## What to produce
Output the line containing "From Stdlib Require Import Reals Lra." exactly. Do the same for every line after it through the end of the material, and output nothing else.

## The data
Segment Open
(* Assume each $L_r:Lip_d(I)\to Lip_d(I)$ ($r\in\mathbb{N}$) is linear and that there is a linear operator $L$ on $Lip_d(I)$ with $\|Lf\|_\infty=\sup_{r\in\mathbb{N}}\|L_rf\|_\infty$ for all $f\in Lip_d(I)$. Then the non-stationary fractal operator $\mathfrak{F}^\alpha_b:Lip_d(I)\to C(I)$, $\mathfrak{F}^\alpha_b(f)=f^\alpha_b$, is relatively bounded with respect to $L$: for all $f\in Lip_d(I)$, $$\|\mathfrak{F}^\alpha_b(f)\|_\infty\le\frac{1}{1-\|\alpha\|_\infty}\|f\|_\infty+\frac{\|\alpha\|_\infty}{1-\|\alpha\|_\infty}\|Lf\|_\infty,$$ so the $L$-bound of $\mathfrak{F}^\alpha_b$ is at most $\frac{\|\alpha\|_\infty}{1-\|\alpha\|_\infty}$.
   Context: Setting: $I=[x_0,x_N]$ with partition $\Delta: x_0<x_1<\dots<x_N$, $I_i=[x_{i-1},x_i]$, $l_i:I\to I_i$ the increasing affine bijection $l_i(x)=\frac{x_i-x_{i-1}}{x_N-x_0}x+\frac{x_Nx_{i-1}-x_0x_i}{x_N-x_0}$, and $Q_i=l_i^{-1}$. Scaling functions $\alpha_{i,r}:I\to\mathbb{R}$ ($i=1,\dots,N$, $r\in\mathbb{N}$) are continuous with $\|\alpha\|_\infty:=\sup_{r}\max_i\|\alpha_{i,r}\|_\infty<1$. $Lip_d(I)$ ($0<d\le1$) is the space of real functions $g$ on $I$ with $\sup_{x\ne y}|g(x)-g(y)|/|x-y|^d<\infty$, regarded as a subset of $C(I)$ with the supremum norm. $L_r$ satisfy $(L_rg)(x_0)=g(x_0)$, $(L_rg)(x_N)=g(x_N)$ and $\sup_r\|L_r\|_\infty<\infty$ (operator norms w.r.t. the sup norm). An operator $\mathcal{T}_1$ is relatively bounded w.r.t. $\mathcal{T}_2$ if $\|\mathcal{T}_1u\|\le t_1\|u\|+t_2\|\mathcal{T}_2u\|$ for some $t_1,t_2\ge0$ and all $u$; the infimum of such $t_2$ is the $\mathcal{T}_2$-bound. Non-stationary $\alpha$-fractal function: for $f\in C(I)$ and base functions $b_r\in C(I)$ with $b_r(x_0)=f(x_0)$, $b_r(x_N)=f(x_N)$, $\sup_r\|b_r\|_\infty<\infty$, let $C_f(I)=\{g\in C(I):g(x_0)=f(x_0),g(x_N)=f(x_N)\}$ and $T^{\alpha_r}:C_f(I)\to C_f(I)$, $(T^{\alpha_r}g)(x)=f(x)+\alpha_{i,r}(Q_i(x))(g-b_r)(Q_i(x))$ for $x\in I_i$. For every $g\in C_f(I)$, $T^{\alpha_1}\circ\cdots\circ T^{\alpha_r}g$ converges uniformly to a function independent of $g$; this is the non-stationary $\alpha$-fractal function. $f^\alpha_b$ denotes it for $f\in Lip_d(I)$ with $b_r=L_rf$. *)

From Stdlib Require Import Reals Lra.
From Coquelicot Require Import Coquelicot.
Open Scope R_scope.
Segment Closed
## Written answer
From Stdlib Require Import Reals Lra.
From Coquelicot Require Import Coquelicot.
Open Scope R_scope.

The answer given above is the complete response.